You don't have a SOC 2 report. You're not even sure what one is.

This guide is the checklist I wish founders had when they first hit this wall — written by someone who's helped multiple companies get audit-ready. No fluff, no consultant-speak, just what you actually need to do.

What SOC 2 actually is

SOC 2 is a report — not a certification — issued by a licensed CPA firm after they audit your security controls. It says "this company does what they claim about how they protect customer data."

Two flavors:

• SOC 2 Type 1: a snapshot. "On this specific date, here are the controls in place." Faster and cheaper. Roughly $15-30K and 2-3 months.
• SOC 2 Type 2: proof that the controls actually worked over a period (usually 6-12 months). What enterprise customers actually want. $25-50K+ and at least 6 months.
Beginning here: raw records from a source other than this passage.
(* Let $k\ge2$ and $n\le0$. Then $$\mathcal{F}_{n,k}(x)=\sum_{\substack{j_1,\dots,j_k\ge0\\ j_1+2j_2+\dots+kj_k=|n|+1-k}}(-1)^{J-j_k}\,\frac{J!}{j_1!\,j_2!\cdots j_k!}\,x^{|n|+1-k(1+j_k)},\qquad J=j_1+\dots+j_k,$$ where an empty sum is $0$.
   Context: For $k\ge2$, the polynomials $\mathcal{F}_{n,k}(x)\in\mathbb{Z}[x]$ ($n\in\mathbb{Z}$) are defined by $\mathcal{F}_{1,k}=1$, $\mathcal{F}_{n,k}=0$ for $n=0,-1,\dots,-(k-2)$, and $\mathcal{F}_{n,k}(x)=\sum_{j=1}^{k}x^{k-j}\mathcal{F}_{n-j,k}(x)$ for all $n\in\mathbb{Z}$. This recurrence is used upwards for $n\ge2$, and downwards for $n\le-(k-1)$ as $\mathcal{F}_{n,k}=\mathcal{F}_{n+k,k}-\sum_{j=1}^{k-1}x^j\mathcal{F}_{n+j,k}$. *)

From mathcomp Require Import all_boot all_algebra.
Set Implicit Arguments. Unset Strict Implicit. Unset Printing Implicit Defensive.
Import GRing.Theory Num.Theory.
Local Open Scope ring_scope.

(* Nonpositive side (and F_1): aF k j = F_{1-j,k} for j : nat.
     aF k 0 = 1, aF k j = 0 for 1 <= j <= k-1,
     aF k j = aF k (j-k) - sum_{i=1}^{k-1} x^i aF k (j-i)  for j >= k
   (this is exactly the downward recurrence
     F_n = F_{n+k} - sum_{i=1}^{k-1} x^i F_{n+i},  n <= -(k-1)).
   Positive side: cF k i = F_{i-k+2,k} for i : nat.
     cF k i = 0 for i <= k-2, cF k (k-1) = 1,
     cF k i = sum_{j=1}^k x^{k-j} cF k (i-j) for i >= k
   (the upward recurrence for n >= 2). *)

Definition nxt_down (k : nat) (l : seq {poly int}) : {poly int} :=
  let j := size l in
  if (j < k)%N then (if j == 0%N then 1 else 0)
  else l`_(j - k) - \sum_(1 <= i < k) 'X^i * l`_(j - i).

Definition nxt_up (k : nat) (l : seq {poly int}) : {poly int} :=
  let i := size l in
  if (i < k.-1)%N then 0
  else if i == k.-1 then 1
  else \sum_(1 <= j < k.+1) 'X^(k - j) * l`_(i - j).

Fixpoint tab (nxt : seq {poly int} -> {poly int}) (m : nat) : seq {poly int} :=
  match m with
  | 0 => [:: nxt [::]]
  | m'.+1 => rcons (tab nxt m') (nxt (tab nxt m'))
  end.

Definition aF (k j : nat) : {poly int} := nth 0 (tab (nxt_down k) j) j.
Definition cF (k i : nat) : {poly int} := nth 0 (tab (nxt_up k) i) i.

Definition Fib (k : nat) (n : int) : {poly int} :=
  if n <= 1 then aF k (absz (1 - n)%R) else cF k (absz (n + k%:Z - 2)%R).

(* 1-based component j_i of a k-tuple j (0 outside 1..k) *)
Definition jc (k M : nat) (j : {ffun 'I_k -> 'I_M}) (i : nat) : nat :=
  match (insub i.-1 : option 'I_k) with Some o => val (j o) | None => 0%N end.

From mathcomp Require Import all_boot all_algebra.
From mathcomp Require Import zify.
Import GRing.Theory Num.Theory.
Local Open Scope ring_scope.
Set Implicit Arguments. Unset Strict Implicit.

(* For [t >= k] the downward recurrence reads
   [F_{1-t} = sum_(i = 1..k) q_i F_{1-t+i}] with [q_i = -x^i] for [i < k] and
   [q_k = 1].  Unfolding it from [F_1 = 1], [F_0 = ... = F_{2-k} = 0] writes
   [F_{1-(s+k)}] as the sum, over all compositions of [s] into parts of size
   at most [k], of the product of the [q]'s of the parts.  Grouping the
   compositions by the multiplicities [j_1, ..., j_k] of their parts gives the
   multinomial coefficient [J!/(j_1! ... j_k!)] times [prod q_i^(j_i)], which
   is the claimed summand.  Formally: the grouped sum satisfies the same
   recursion as [F] (removing a part decrements one multiplicity, and the
   multinomial coefficient is the sum of those of its decrements), and both
   start at 1. *)

Lemma size_tab nxt m : size (tab nxt m) = m.+1.
Proof. by elim: m => //= m IH; rewrite size_rcons IH. Qed.

Lemma nth_tab nxt m i : (i <= m)%N -> nth 0 (tab nxt m) i = nth 0 (tab nxt i) i.
Proof.
elim: m => [|m IH]; first by rewrite leqn0 => /eqP ->.
rewrite leq_eqVlt => /orP [/eqP -> //|lt_im].
by rewrite /= nth_rcons size_tab lt_im IH.
Qed.

Lemma nth_tab_last nxt m : nth 0 (tab nxt m.+1) m.+1 = nxt (tab nxt m).
Proof. by rewrite /= nth_rcons size_tab ltnn eqxx. Qed.

Lemma aF0 k : (0 < k)%N -> aF k 0 = 1.
Proof. by rewrite /aF /= /nxt_down /= => ->. Qed.

Lemma aF_small k t : (0 < t < k)%N -> aF k t = 0.
Proof.
case: t => // t /andP [_ lt_tk].
by rewrite /aF nth_tab_last /nxt_down size_tab lt_tk.
Qed.

Lemma aF_rec k t : (0 < k <= t)%N ->
  aF k t = aF k (t - k) - \sum_(1 <= i < k) 'X^i * aF k (t - i).
Proof.
case: t => [|t] /andP [k_gt0 le_kt]; first by lia.
rewrite /aF nth_tab_last /nxt_down size_tab ltnNge le_kt /= nth_tab; last by lia.
congr (_ - _); apply: eq_big_nat => i /andP [i_gt0 lt_ik].
by rewrite nth_tab //; lia.
Qed.

Section Multinomial.
Variables (K M : nat).
Implicit Types (j : {ffun 'I_K -> 'I_M.+1}) (o : 'I_K).

Definition weight j := (\sum_(o < K) o.+1 * j o)%N.
Definition total j := (\sum_(o < K) j o)%N.
Definition fact_prod j := (\prod_(o < K) (j o)`!)%N.
Definition multinomial j := ((total j)`! %/ fact_prod j)%N.

Definition decr_at j o : {ffun 'I_K -> 'I_M.+1} :=
  [ffun o' => if o' == o then inord (j o').-1 else j o'].
Definition incr_at j o : {ffun 'I_K -> 'I_M.+1} :=
  [ffun o' => if o' == o then inord (j o').+1 else j o'].

Lemma decr_atE j o o' :
  decr_at j o o' = (if o' == o then (j o').-1 else j o') :> nat.
Proof.
rewrite ffunE; case: eqP => // _; rewrite inordK //.
by have := ltn_ord (j o'); lia.
Qed.

Lemma incr_atE j o o' : (j o < M)%N ->
  incr_at j o o' = (if o' == o then (j o').+1 else j o') :> nat.
Proof. by move=> lt_joM; rewrite ffunE; case: eqP => // ->; rewrite inordK. Qed.

(* Past the bound [M], [inord] wraps around to [0]. *)
Lemma incr_at_max j o : j o = M :> nat -> incr_at j o o = 0 :> nat.
Proof.
by move=> jo_max; rewrite ffunE eqxx /inord /insubd insubF //= jo_max ltnn.
Qed.

Lemma incr_decr_at j o : (0 < j o)%N -> incr_at (decr_at j o) o = j.
Proof.
move=> jo_gt0; have lt_dec_M : (decr_at j o o < M)%N.
  by rewrite decr_atE eqxx; have := ltn_ord (j o); lia.
apply/ffunP => o'; apply: val_inj => /=; rewrite incr_atE // !decr_atE.
by case: (o' =P o) => [->|]; rewrite ?eqxx ?prednK.
Qed.

Lemma decr_incr_at j o : (j o < M)%N -> decr_at (incr_at j o) o = j.
Proof.
move=> lt_joM; apply/ffunP => o'; apply: val_inj => /=.
by rewrite decr_atE !incr_atE //; case: (o' =P o) => [->|]; rewrite ?eqxx.
Qed.

Lemma big_decr_at {T : Type} {idx : T} (op : Monoid.com_law idx)
    (F : 'I_K -> nat -> T) j o :
  \big[op/idx]_o' F o' (decr_at j o o') =
  op (F o (j o).-1) (\big[op/idx]_(o' | o' != o) F o' (j o')).
Proof.
rewrite (bigD1 o) //= decr_atE eqxx; congr (op _ _).
by apply: eq_bigr => o' /negbTE ne_o'o; rewrite decr_atE ne_o'o.
Qed.

Lemma big_incr_at {T : Type} {idx : T} (op : Monoid.com_law idx)
    (F : 'I_K -> nat -> T) j o : (j o < M)%N ->
  \big[op/idx]_o' F o' (incr_at j o o') =
  op (F o (j o).+1) (\big[op/idx]_(o' | o' != o) F o' (j o')).
Proof.
move=> lt_joM; rewrite (bigD1 o) //= incr_atE // eqxx; congr (op _ _).
by apply: eq_bigr => o' /negbTE ne_o'o; rewrite incr_atE // ne_o'o.
Qed.

Lemma leq_total j o : (j o <= total j)%N.
Proof. by rewrite /total (bigD1 o) //= leq_addr. Qed.

Lemma leq_weight j o : (o.+1 * j o <= weight j)%N.
Proof. by rewrite /weight (bigD1 o) //= leq_addr. Qed.

Lemma weight_le_total j : (weight j <= K * total j)%N.
Proof.
rewrite /weight /total big_distrr /=; apply: leq_sum => o _.
by rewrite leq_mul2r ltn_ord orbT.
Qed.

Lemma total_decr_at j o : (0 < j o)%N -> total (decr_at j o) = (total j).-1.
Proof.
move=> jo_gt0; rewrite /total (big_decr_at _ (fun _ n => n)).
by rewrite [in RHS](bigD1 o) //=; lia.
Qed.

Lemma weight_incr_at j o : (j o < M)%N ->
  weight (incr_at j o) = (weight j + o.+1)%N.
Proof.
move=> lt_joM; rewrite /weight (big_incr_at _ (fun o' n => o'.+1 * n)%N) //.
by rewrite [in RHS](bigD1 o) //= mulnS; lia.
Qed.

Lemma fact_prod_decr_at j o : (0 < j o)%N ->
  fact_prod j = (j o * fact_prod (decr_at j o))%N.
Proof.
move=> jo_gt0; rewrite /fact_prod (big_decr_at _ (fun _ n => n`!)).
by rewrite (bigD1 o) //= mulnA -{1 2}(prednK jo_gt0) factS.
Qed.

Lemma fact_total_rec j : (0 < total j)%N ->
  (total j)`! = (\sum_(o | (0 < j o)%N) j o * (total j).-1`!)%N.
Proof.
move=> tot_gt0; rewrite -{1}(prednK tot_gt0) factS prednK // -big_distrl /=.
congr (_ * _)%N; rewrite /total [LHS](bigID (fun o => (0 < j o)%N)) /=.
by rewrite [X in (_ + X)%N]big1 ?addn0 // => o; rewrite lt0n negbK => /eqP.
Qed.

Lemma fact_prod_dvd j : (fact_prod j %| (total j)`!)%N.
Proof.
move tot_j: (total j) => t; elim: t j tot_j => [|t IH] j tot_j.
  rewrite /fact_prod big1 // => o _.
  by have := leq_total j o; rewrite tot_j leqn0 => /eqP ->.
rewrite -tot_j fact_total_rec ?tot_j //; apply: dvdn_sum => o jo_gt0.
rewrite (fact_prod_decr_at jo_gt0) dvdn_pmul2l //.
by apply: IH; rewrite total_decr_at // tot_j.
Qed.

Lemma multinomial_rec j : (0 < total j)%N ->
  multinomial j = (\sum_(o | (0 < j o)%N) multinomial (decr_at j o))%N.
Proof.
move=> tot_gt0; have fact_prod_gt0 : (0 < fact_prod j)%N.
  by apply: prodn_gt0 => o; apply: fact_gt0.
rewrite /multinomial fact_total_rec //.
rewrite (eq_bigr (fun o => fact_prod j *
    ((total (decr_at j o))`! %/ fact_prod (decr_at j o)))%N).
  by rewrite -big_distrr /= mulKn.
move=> o jo_gt0; rewrite (fact_prod_decr_at jo_gt0) -mulnA (mulnC (fact_prod _)).
by rewrite divnK ?fact_prod_dvd // total_decr_at.
Qed.

Lemma sum_decr_at (V : nmodType) (F : {ffun 'I_K -> 'I_M.+1} -> V) o s :
  (o.+1 <= s <= M)%N ->
  \sum_(j | (weight j == s) && (0 < j o)%N) F (decr_at j o) =
  \sum_(j | weight j == (s - o.+1)%N) F j.
Proof.
move=> /andP [le_os le_sM].
rewrite (reindex_onto (incr_at^~ o) (decr_at^~ o)); last first.
  by move=> j /andP [_ jo_gt0]; rewrite incr_decr_at.
apply: eq_big => [j|j /andP [_ /eqP -> //]].
have := ltn_ord (j o); rewrite ltnS leq_eqVlt => /orP [/eqP jo_max|lt_joM].
  rewrite incr_at_max // ltnn andbF /=; apply/esym/negbTE/eqP => wt_j.
  by have := leq_weight j o; rewrite jo_max; nia.
rewrite weight_incr_at // decr_incr_at // eqxx andbT incr_atE // eqxx andbT.
by apply/eqP/eqP; lia.
Qed.

Variables (R : comPzSemiRingType) (q : 'I_K -> R).

Definition multinomial_sum s : R :=
  \sum_(j | weight j == s) (multinomial j)%:R * \prod_(o < K) q o ^+ j o.

Lemma multinomial_sum0 : multinomial_sum 0 = 1.
Proof.
rewrite /multinomial_sum (big_pred1 [ffun => ord0]) => [|j].
  by rewrite /multinomial /fact_prod /total !big1 ?mul1r //= => o _;
    rewrite ffunE.
apply/idP/idP => [/eqP wt_j|/eqP ->].
  apply/eqP/ffunP => o; apply: val_inj; rewrite ffunE /=.
  by have := leq_weight j o; rewrite wt_j; lia.
by apply/eqP; rewrite /weight big1 // => o _; rewrite ffunE muln0.
Qed.

Lemma prod_decr_at j o : (0 < j o)%N ->
  \prod_o' q o' ^+ j o' = q o * \prod_o' q o' ^+ decr_at j o o'.
Proof.
move=> jo_gt0; rewrite (big_decr_at _ (fun o' n => q o' ^+ n)).
by rewrite (bigD1 o) //= mulrA -exprS prednK.
Qed.

Lemma multinomial_sum_rec s : (0 < s <= M)%N ->
  multinomial_sum s =
  \sum_(o < K | (o.+1 <= s)%N) q o * multinomial_sum (s - o.+1)%N.
Proof.
move=> /andP [s_gt0 le_sM]; rewrite /multinomial_sum.
under eq_bigr => j /eqP wt_j.
  have tot_gt0 : (0 < total j)%N by have := weight_le_total j; lia.
  rewrite multinomial_rec // natr_sum big_distrl /=.
  under eq_bigr => o jo_gt0 do rewrite (prod_decr_at jo_gt0) mulrCA.
  over.
rewrite (exchange_big_dep xpredT) //= [RHS]big_mkcond /=; apply: eq_bigr => o _.
case: ifP => [le_os|/negbT gt_os]; last first.
  rewrite big_pred0 // => j; apply/negbTE/andP => -[/eqP wt_j jo_gt0].
  by have := leq_weight j o; nia.
rewrite -big_distrr /= (sum_decr_at
  (fun j => (multinomial j)%:R * \prod_(o' < K) q o' ^+ j o')) //.
by rewrite le_os.
Qed.

End Multinomial.

Definition down_coef k (o : 'I_k) : {poly int} :=
  if (o.+1 < k)%N then - 'X^(o.+1) else 1.

Lemma aF_multinomial_sum k M s : (2 <= k)%N -> (s <= M)%N ->
  aF k (s + k) = multinomial_sum M (down_coef (k := k)) s.
Proof.
case: k => // k lt1k; elim/ltn_ind: s => s IH le_sM.
have [->|s_gt0] := posnP s.
  rewrite multinomial_sum0 add0n aF_rec ?subnn ?aF0 //; last by lia.
  rewrite big_nat_cond big1 ?subr0 // => i /andP [/andP [i_gt0 lt_ik] _].
  by rewrite aF_small ?mulr0 //; lia.
rewrite multinomial_sum_rec ?s_gt0 // aF_rec ?addnK; last by lia.
rewrite [RHS]big_mkcond big_ord_recr /= big_add1 /= big_mkord addrC.
congr (_ + _).
  rewrite /down_coef /= ltnn mul1r; case: ifP => [le_ks|/negbT gt_ks].
    by rewrite -[in LHS](subnK le_ks) IH //; lia.
  by rewrite aF_small //; lia.
rewrite -sumrN; apply: eq_bigr => o _.
rewrite /down_coef /= ltnS ltn_ord; case: ifP => [le_os|/negbT gt_os].
  by rewrite mulNr (_ : s + k.+1 - o.+1 = s - o.+1 + k.+1)%N ?IH //; lia.
by rewrite aF_small ?mulr0 ?oppr0 //; have := ltn_ord o; lia.
Qed.

Lemma jcE k M (j : {ffun 'I_k -> 'I_M}) (o : 'I_k) : jc j o.+1 = j o.
Proof.
rewrite /jc /=; case: insubP => [u _ val_u|]; last by rewrite ltn_ord.
by congr (nat_of_ord (j _)); apply: val_inj.
Qed.

Lemma big_jc (T : Type) (idx : T) (op : Monoid.law idx) k M
    (F : nat -> nat -> T) (j : {ffun 'I_k -> 'I_M}) :
  \big[op/idx]_(1 <= i < k.+1) F i (jc j i) = \big[op/idx]_(o < k) F o.+1 (j o).
Proof. by rewrite big_add1 /= big_mkord; apply: eq_bigr => o _; rewrite jcE. Qed.

Lemma prod_down_coef k M (j : {ffun 'I_k.+1 -> 'I_M.+1}) :
  \prod_o down_coef o ^+ j o =
  (-1) ^+ (total j - j ord_max)%N * 'X^(weight j - k.+1 * j ord_max).
Proof.
rewrite big_ord_recr /= {2}/down_coef ltnn expr1n mulr1.
under eq_bigr => o _ do
  rewrite /down_coef /= ltnS ltn_ord exprNn -exprM.
rewrite big_split /= !prodrXr /weight /total !big_ord_recr /= !addnK.
by congr (_ * 'X^_); apply: eq_bigr.
Qed.

Lemma Fib_nonpos k n : n <= 0 -> Fib k n = aF k (absz n).+1.
Proof.
rewrite /Fib; case: n => p; first by rewrite lez_nat leqn0 => /eqP ->.
by move=> _ /=; congr aF; rewrite NegzE opprK; lia.
Qed.

Unset Implicit Arguments.
Theorem mainTheorem7 (k : nat) (n : int) :
  (2 <= k)%N -> n <= 0 ->
  Fib k n =
  \sum_(j : {ffun 'I_k -> 'I_((absz n).+2)} |
          (\sum_(1 <= i < k.+1) i * jc j i + k == (absz n) + 1)%N)
     (-1) ^+ (\sum_(1 <= i < k.+1) jc j i - jc j k)%N
     * ((\sum_(1 <= i < k.+1) jc j i)`! %/ \prod_(1 <= i < k.+1) (jc j i)`!)%N%:R
     * 'X^((absz n) + 1 - k * (1 + jc j k)).
Proof.
move=> le2k /Fib_nonpos ->; set m := absz n.
have [lt_mk|le_km] := ltnP m.+1 k.
  rewrite aF_small ?lt_mk // big_pred0 // => j; apply/negP => /eqP; lia.
rewrite -[in LHS](subnK le_km) (aF_multinomial_sum (M := m.+1)) ?leq_subr //.
case: k le2k le_km => // k _ le_km; rewrite /multinomial_sum.
apply: eq_big => [j|j /eqP wt_j].
  by rewrite big_jc -/(weight j); apply/eqP/eqP; lia.
rewrite (big_jc _ (fun _ n => n)) (big_jc _ (fun _ n => n`!)) -/(total j).
rewrite -/(fact_prod j) -/(multinomial j) prod_down_coef (jcE j ord_max).
by rewrite mulrCA mulrA wt_j mulnDr muln1 subnDA addn1.
Qed.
Most founders start with Type 1 to unblock the deal in front of them, then run a Type 2 audit period in parallel.

The five Trust Service Criteria

SOC 2 audits cover up to five "trust services criteria." You only need to be audited on the ones you claim:

1. Security (mandatory) — the baseline
2. Availability — uptime guarantees
3. Confidentiality — protecting confidential business info
4. Processing Integrity — accurate data processing
5. Privacy — handling personal information

For 95% of B2B SaaS startups, just Security is enough. Don't add the others unless a customer specifically asks. Each one significantly expands the scope.

The actual checklist

Here's what you need to be ready, organized by what you can do this weekend vs. what takes longer.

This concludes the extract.